How to calculate year over year change

Introduction
Year over year (YoY) change is a widely-used financial metric that allows companies and investors to analyze the performance of a business, investment, or any financial variable over time. This measurement compares growth or decline between two consecutive years and is generally presented as a percentage. Understanding how to calculate YoY change is essential for anyone interested in assessing the progress or decline of a venture.
In this article, we will explain in detail how to calculate year over year change with clear examples and applications.
Step By Step: Calculating Year Over Year Change
Step 1: Obtain the data
The first step in calculating YoY change is gathering the data for the variable you wish to analyze. This information usually comes from financial statements or records. For example, if you want to assess the YoY growth of a company’s revenue, you will need its annual revenue figures for the current and previous years.

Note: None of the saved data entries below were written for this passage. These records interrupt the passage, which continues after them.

(* Let $(\mathcal{Z},\nu)$ be a measurable space with a $\sigma$-finite measure $\nu$, let $P$ be a probability measure on $\mathcal{Z}$ with $P\ll\nu$ and density $\rho=dP/d\nu$ satisfying $\rho>0$ $\nu$-almost everywhere. Let $\omega:\mathcal{Z}\times\mathcal{Z}\to[0,\infty)$ be measurable and symmetric, $\omega(z,\tilde z)=\omega(\tilde z,z)$, and assume $$C_\rho:=\iint\frac{(\rho(z)-\rho(\tilde z))^2}{\rho(z)+\rho(\tilde z)}\,\omega(z,\tilde z)\,\nu(dz)\nu(d\tilde z)<\infty,\qquad \iint\rho(z)\,\omega(z,\tilde z)\,\nu(dz)\nu(d\tilde z)<\infty.$$ For a measurable $f_\theta:\mathcal{Z}\to\mathbb{R}$ define $T_\theta(z,\tilde z)=\tanh\big((f_\theta(z)-f_\theta(\tilde z))/2\big)$, $$\mathcal{J}_\omega(\theta)=\iint\left[T_\theta(z,\tilde z)-\frac{\rho(z)-\rho(\tilde z)}{\rho(z)+\rho(\tilde z)}\right]^2(\rho(z)+\rho(\tilde z))\,\omega(z,\tilde z)\,\nu(dz)\nu(d\tilde z),$$ $$\mathcal{L}_\omega(\theta)=\iint\big[T_\theta(z,\tilde z)-1\big]^2\,\omega(z,\tilde z)\,\rho(z)\,\nu(dz)\nu(d\tilde z).$$ Then $\mathcal{J}_\omega(\theta)=2\mathcal{L}_\omega(\theta)+C_\rho'$, where $C_\rho'=C_\rho-2\iint\rho(z)\omega(z,\tilde z)\,\nu(dz)\nu(d\tilde z)$ does not depend on $f_\theta$. In particular, minimizing $\mathcal{J}_\omega$ over $f_\theta$ is equivalent to minimizing $\mathcal{L}_\omega$.
   Context: $f_\theta$ is a scalar ''energy'' function parameterized by $\theta$; all statements concern the dependence on the function $f_\theta$. *)

From HB Require Import structures.
From mathcomp Require Import all_boot all_order all_algebra.
From mathcomp Require Import all_classical all_reals all_analysis.
Set Implicit Arguments. Unset Strict Implicit. Unset Printing Implicit Defensive.
Import Order.TTheory GRing.Theory Num.Theory.
Local Open Scope ring_scope.

Definition tanh {R : realType} (x : R) : R :=
  (expR x - expR (- x)) / (expR x + expR (- x)).

Definition Tth {R : realType} {T : Type} (f : T -> R) (z zt : T) : R :=
  tanh ((f z - f zt) / 2).

Local Open Scope ereal_scope.

Definition iint {d} {T : measurableType d} {R : realType}
  (nu : {measure set T -> \bar R}) (F : T -> T -> R) : \bar R :=
  \int[nu]_z \int[nu]_zt (F z zt)%:E.

Definition C_rho {d} {T : measurableType d} {R : realType}
  (nu : {measure set T -> \bar R}) (rho : T -> R) (omega : T -> T -> R) : \bar R :=
  iint nu (fun z zt => ((rho z - rho zt) ^+ 2 / (rho z + rho zt) * omega z zt)%R).

Definition I_rho {d} {T : measurableType d} {R : realType}
  (nu : {measure set T -> \bar R}) (rho : T -> R) (omega : T -> T -> R) : \bar R :=
  iint nu (fun z zt => (rho z * omega z zt)%R).

Definition J_omega {d} {T : measurableType d} {R : realType}
  (nu : {measure set T -> \bar R}) (rho : T -> R) (omega : T -> T -> R)
  (f : T -> R) : \bar R :=
  iint nu (fun z zt =>
    ((Tth f z zt - (rho z - rho zt) / (rho z + rho zt)) ^+ 2
       * (rho z + rho zt) * omega z zt)%R).

Definition L_omega {d} {T : measurableType d} {R : realType}
  (nu : {measure set T -> \bar R}) (rho : T -> R) (omega : T -> T -> R)
  (f : T -> R) : \bar R :=
  iint nu (fun z zt => ((Tth f z zt - 1) ^+ 2 * omega z zt * rho z)%R).

From HB Require Import structures.
From mathcomp Require Import all_boot all_order all_algebra.
From mathcomp Require Import all_classical all_reals all_analysis.
From mathcomp Require Import measurable_realfun.
From mathcomp Require Import ring lra.
Set Implicit Arguments.
Unset Strict Implicit.
Unset Printing Implicit Defensive.
Import Order.TTheory GRing.Theory Num.Theory.
Local Open Scope classical_set_scope.
Local Open Scope ring_scope.

(* Expanding the square in J and using T(zt, z) = - T(z, zt) together with the
   symmetry of omega, the integrand of J plus rho(z) omega + rho(zt) omega equals,
   pointwise, the integrand of C_rho plus the integrand of L at (z, zt) and at
   (zt, z).  Integrating with Tonelli, the swapped terms have the same integral
   as the unswapped ones, so J + 2 I = C_rho + 2 L, which can be solved for J
   because I is finite. *)

Lemma measurable_invr (R : realType) : measurable_fun setT (@GRing.inv R).
Proof.
rewrite -(setUv [set (0 : R)]); apply/measurable_funU => //.
  exact: measurableC.
split; first exact: measurable_fun_set1.
apply: open_continuous_measurable_fun.
  by rewrite openC; apply/accessible_closed_set1/hausdorff_accessible/Rhausdorff.
by move=> x; rewrite inE /= => /eqP x0; exact: inv_continuous.
Qed.

Lemma measurable_tanh (R : realType) : measurable_fun setT (@tanh R).
Proof.
have mexpN : measurable_fun setT (fun x : R => expR (- x)).
  exact: measurableT_comp (@measurable_expR R) _.
rewrite /tanh; apply: measurable_funM.
  by apply: measurable_funB => //; exact: measurable_expR.
apply: measurableT_comp; first exact: measurable_invr.
by apply: measurable_funD => //; exact: measurable_expR.
Qed.

Lemma tanhN (R : realType) (x : R) : tanh (- x) = - tanh x.
Proof.
by rewrite /tanh opprK -(opprB (expR x)) (addrC (expR (- x))) mulNr.
Qed.

Lemma TthC (R : realType) (T : Type) (f : T -> R) z zt :
  Tth f zt z = - Tth f z zt.
Proof. by rewrite /Tth -tanhN -mulNr opprB. Qed.

Definition nonneg_measurable2 d (T : measurableType d) (R : realType)
    (F : T -> T -> R) :=
  measurable_fun setT (fun p : T * T => F p.1 p.2) /\ forall z zt, 0 <= F z zt.

Lemma nonneg_measurable2D d (T : measurableType d) (R : realType)
    (F G : T -> T -> R) :
  nonneg_measurable2 F -> nonneg_measurable2 G ->
  nonneg_measurable2 (fun z zt => F z zt + G z zt).
Proof.
by move=> [mF F0] [mG G0]; split=> [|z zt]; [exact: measurable_funD | exact: addr_ge0].
Qed.

Lemma nonneg_measurable2C d (T : measurableType d) (R : realType)
    (F : T -> T -> R) :
  nonneg_measurable2 F -> nonneg_measurable2 (fun z zt => F zt z).
Proof.
by move=> [mF F0]; split=> //; exact: (measurableT_comp mF (@measurable_swap _ _ T T)).
Qed.

Section iterated_integral.
Context d (T : measurableType d) (R : realType) (nu : {measure set T -> \bar R}).
Hypothesis nu_sigma_finite : sigma_finite setT nu.

Let snu : set T -> \bar R := nu.
HB.instance Definition _ := Measure.copy snu nu.
HB.instance Definition _ := Measure_isSigmaFinite.Build d T R snu nu_sigma_finite.

Local Open Scope ereal_scope.

Lemma iint_ge0 (F : T -> T -> R) : (forall z zt, 0 <= F z zt)%R -> 0 <= iint nu F.
Proof.
by move=> F0; apply: integral_ge0 => z _; apply: integral_ge0 => zt _; rewrite lee_fin.
Qed.

Lemma measurable_fun_iint_inner (F : T -> T -> R) :
  nonneg_measurable2 F -> measurable_fun setT (fun z => \int[nu]_zt (F z zt)%:E).
Proof.
move=> [mF F0].
apply: (@measurable_fun_fubini_tonelli_F _ _ _ _ _ snu (fun p => (F p.1 p.2)%:E)).
  exact/measurable_EFinP.
by move=> p; rewrite lee_fin.
Qed.

Lemma iint_swap (F : T -> T -> R) :
  nonneg_measurable2 F -> iint nu (fun z zt => F zt z) = iint nu F.
Proof.
move=> [mF F0].
rewrite /iint (@fubini_tonelli _ _ _ _ _ snu snu (fun p => (F p.1 p.2)%:E)) //.
- exact/measurable_EFinP.
- by move=> p; rewrite lee_fin.
Qed.

Lemma iintD (F G : T -> T -> R) : nonneg_measurable2 F -> nonneg_measurable2 G ->
  iint nu (fun z zt => F z zt + G z zt)%R = iint nu F + iint nu G.
Proof.
move=> Fnm Gnm; have [mF F0] := Fnm; have [mG G0] := Gnm.
have measurable_section (H : T -> T -> R) z :
    measurable_fun setT (fun p : T * T => H p.1 p.2) ->
    measurable_fun setT (fun zt => (H z zt)%:E).
  move=> mH; apply/measurable_EFinP.
  exact: measurableT_comp mH (measurable_pair1 z).
rewrite /iint; under eq_integral => z _.
  under eq_integral do rewrite EFinD.
  rewrite ge0_integralD //; first over.
  - by move=> zt _; rewrite lee_fin.
  - exact: measurable_section.
  - by move=> zt _; rewrite lee_fin.
  - exact: measurable_section.
rewrite ge0_integralD //.
- by move=> z _; apply: integral_ge0 => zt _; rewrite lee_fin.
- exact: measurable_fun_iint_inner.
- by move=> z _; apply: integral_ge0 => zt _; rewrite lee_fin.
- exact: measurable_fun_iint_inner.
Qed.

Lemma iint_add_swap (F G : T -> T -> R) :
  nonneg_measurable2 F -> nonneg_measurable2 G ->
  iint nu (fun z zt => F z zt + G z zt + G zt z)%R = iint nu F + iint nu G + iint nu G.
Proof.
move=> Fnm Gnm; have GCnm := nonneg_measurable2C Gnm.
rewrite (@iintD (fun z zt => F z zt + G z zt)%R (fun z zt => G zt z)) //.
  by rewrite iintD // (iint_swap Gnm).
exact: nonneg_measurable2D.
Qed.

End iterated_integral.

Lemma weighted_sqr_dev_identity (R : realType) (a b w t : R) :
  0 <= a -> 0 <= b ->
  (t - (a - b) / (a + b)) ^+ 2 * (a + b) * w + a * w + b * w =
  (a - b) ^+ 2 / (a + b) * w + (t - 1) ^+ 2 * w * a + (- t - 1) ^+ 2 * w * b.
Proof.
move=> a0 b0; have [ab0|ab0] := eqVneq (a + b) 0; last by field.
(* a + b = 0 forces a = b = 0, where both sides vanish
   despite the junk value 0 / 0 = 0. *)
have -> : a = 0 by lra.
have -> : b = 0 by lra.
by ring.
Qed.

Lemma adde_double_transpose (R : realType) (J L C I : \bar R) : I \is a fin_num ->
  (J + I + I = C + L + L -> J = 2%:E * L + (C - 2%:E * I))%E.
Proof.
move=> Ifin JC; have IIfin : (I + I)%E \is a fin_num by rewrite fin_numD Ifin.
have double (x : \bar R) : (2%:E * x = x + x)%E by rewrite -mule2n -mule_natl.
rewrite -[J](addeK _ IIfin) addeA JC !double.
by rewrite addeA [L + L + C]addeC addeA.
Qed.

Section energy_integrands.
Variables (d : measure_display) (T : measurableType d) (R : realType).
Variables (rho : T -> R) (omega : T -> T -> R) (f : T -> R).

Definition J_integrand z zt :=
  (Tth f z zt - (rho z - rho zt) / (rho z + rho zt)) ^+ 2 * (rho z + rho zt) * omega z zt.
Definition L_integrand z zt := (Tth f z zt - 1) ^+ 2 * omega z zt * rho z.
Definition C_integrand z zt := (rho z - rho zt) ^+ 2 / (rho z + rho zt) * omega z zt.
Definition I_integrand z zt := rho z * omega z zt.

Hypotheses (rho_ge0 : forall z, 0 <= rho z) (omega_ge0 : forall z zt, 0 <= omega z zt).

Lemma J_integrand_add_I : (forall z zt, omega z zt = omega zt z) -> forall z zt,
  J_integrand z zt + I_integrand z zt + I_integrand zt z =
  C_integrand z zt + L_integrand z zt + L_integrand zt z.
Proof.
move=> omega_sym z zt.
rewrite /J_integrand /I_integrand /C_integrand /L_integrand.
rewrite (TthC f z zt) (omega_sym zt z).
exact: weighted_sqr_dev_identity.
Qed.

Hypotheses (mrho : measurable_fun setT rho)
  (momega : measurable_fun setT (fun p : T * T => omega p.1 p.2))
  (mf : measurable_fun setT f).

Let mrho1 : measurable_fun setT (fun p : T * T => rho p.1).
Proof. exact: measurableT_comp mrho measurable_fst. Qed.

Let mrho2 : measurable_fun setT (fun p : T * T => rho p.2).
Proof. exact: measurableT_comp mrho measurable_snd. Qed.

Let mrho_sum_inv : measurable_fun setT (fun p : T * T => (rho p.1 + rho p.2)^-1).
Proof. by apply: measurableT_comp; [exact: measurable_invr | exact: measurable_funD]. Qed.

Let mTth : measurable_fun setT (fun p : T * T => Tth f p.1 p.2).
Proof.
apply: measurableT_comp; first exact: measurable_tanh.
apply: measurable_funM => //; apply: measurable_funB.
- exact: measurableT_comp mf measurable_fst.
- exact: measurableT_comp mf measurable_snd.
Qed.

Let rho_sum_ge0 z zt : 0 <= rho z + rho zt.
Proof. exact: addr_ge0. Qed.

Lemma nonneg_measurable2_J : nonneg_measurable2 J_integrand.
Proof.
split=> [|z zt]; rewrite /J_integrand; last first.
  by rewrite mulr_ge0 ?omega_ge0 // mulr_ge0 ?sqr_ge0.
apply: measurable_funM => //; apply: measurable_funM; last exact: measurable_funD.
apply/measurable_funX/measurable_funB => //.
by apply: measurable_funM => //; exact: measurable_funB.
Qed.

Lemma nonneg_measurable2_L : nonneg_measurable2 L_integrand.
Proof.
split=> [|z zt]; rewrite /L_integrand; last first.
  by rewrite mulr_ge0 ?rho_ge0 // mulr_ge0 ?omega_ge0 ?sqr_ge0.
apply: measurable_funM => //; apply: measurable_funM => //.
exact/measurable_funX/measurable_funB.
Qed.

Lemma nonneg_measurable2_C : nonneg_measurable2 C_integrand.
Proof.
split=> [|z zt]; rewrite /C_integrand; last first.
  by rewrite mulr_ge0 ?omega_ge0 // mulr_ge0 ?sqr_ge0 ?invr_ge0.
apply: measurable_funM => //; apply: measurable_funM => //.
exact/measurable_funX/measurable_funB.
Qed.

Lemma nonneg_measurable2_I : nonneg_measurable2 I_integrand.
Proof. by split=> [|z zt]; [exact: measurable_funM | exact: mulr_ge0]. Qed.

End energy_integrands.

Theorem theorem1 (d : measure_display) (T : measurableType d) (R : realType)
  (nu : {measure set T -> \bar R}) (P : probability T R)
  (rho : T -> R) (omega : T -> T -> R) :
  sigma_finite setT nu ->
  measurable_fun setT rho ->
  (forall z, 0 <= rho z) ->
  (forall A, measurable A -> P A = (\int[nu]_(z in A) (rho z)%:E)%E) ->
  {ae nu, forall z, 0 < rho z} ->
  measurable_fun setT (fun p : T * T => omega p.1 p.2) ->
  (forall z zt, 0 <= omega z zt) ->
  (forall z zt, omega z zt = omega zt z) ->
  (C_rho nu rho omega < +oo)%E ->
  (I_rho nu rho omega < +oo)%E ->
  forall f : T -> R, measurable_fun setT f ->
    J_omega nu rho omega f
    = (2%:E * L_omega nu rho omega f + (C_rho nu rho omega - 2%:E * I_rho nu rho omega))%E.
Proof.
move=> nu_sf mrho rho_ge0 _ _ momega omega_ge0 omega_sym _ I_fin f mf.
have nmJ := nonneg_measurable2_J rho_ge0 omega_ge0 mrho momega mf.
have nmL := nonneg_measurable2_L rho_ge0 omega_ge0 mrho momega mf.
have nmC := nonneg_measurable2_C rho_ge0 omega_ge0 mrho momega.
have nmI := nonneg_measurable2_I rho_ge0 omega_ge0 mrho momega.
apply: adde_double_transpose.
  by rewrite ge0_fin_numE // iint_ge0 // => z zt; exact: mulr_ge0.
rewrite -(iint_add_swap nu_sf nmJ nmI) -(iint_add_swap nu_sf nmC nmL).
by congr iint; apply/funext => z; apply/funext => zt; exact: J_integrand_add_I.
Qed.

Step 2: Develop the formula
The YoY change formula is relatively simple:
YoY Change (%) = ((This year’s value – Last year’s value) / Last year’s value) x 100
This formula calculates the percentage difference between two consecutive years’ values, indicating either growth or decline.
Step 3: Perform the calculation
Using the formula outlined above, insert your relevant values into their respective places. Subtract last year’s value from this year’s value, divide that result by last year’s value, and then multiply by 100 to convert it into a percentage.
Example:
Let’s assume Company A has an annual revenue of $400,000 this year and had an annual revenue of $300,000 last year. To calculate its YoY revenue growth:
YoY Growth (%) = (($400,000 – $300,000) / $300,000) x 100 = ($100,000 / $300,000) x 100 = 0.3333 x 100 = 33.33%
In this example, Company A experienced a YoY revenue growth of 33.33%.
Application of Year Over Year Change
Calculating YoY change is applicable in various contexts, including:
1. Revenue Growth: Assess a company’s progress by comparing revenue figures across two consecutive years.
2. Expense Analysis: Track the growth or reduction of specific expenses, such as staffing or marketing costs.
3. Investment Analysis: Evaluate the performance of stocks, bonds, or other investments by checking annual rate-of-return comparisons.
Conclusion
Calculating year over year change is an essential skill for anyone involved in finance, business management, or investing. By comparing data across consecutive years, you can gain valuable insights into a venture’s overall performance and make informed decisions moving forward. By following the straightforward steps outlined in this guide, you’ll be well-equipped to calculate YoY change with ease and confidence.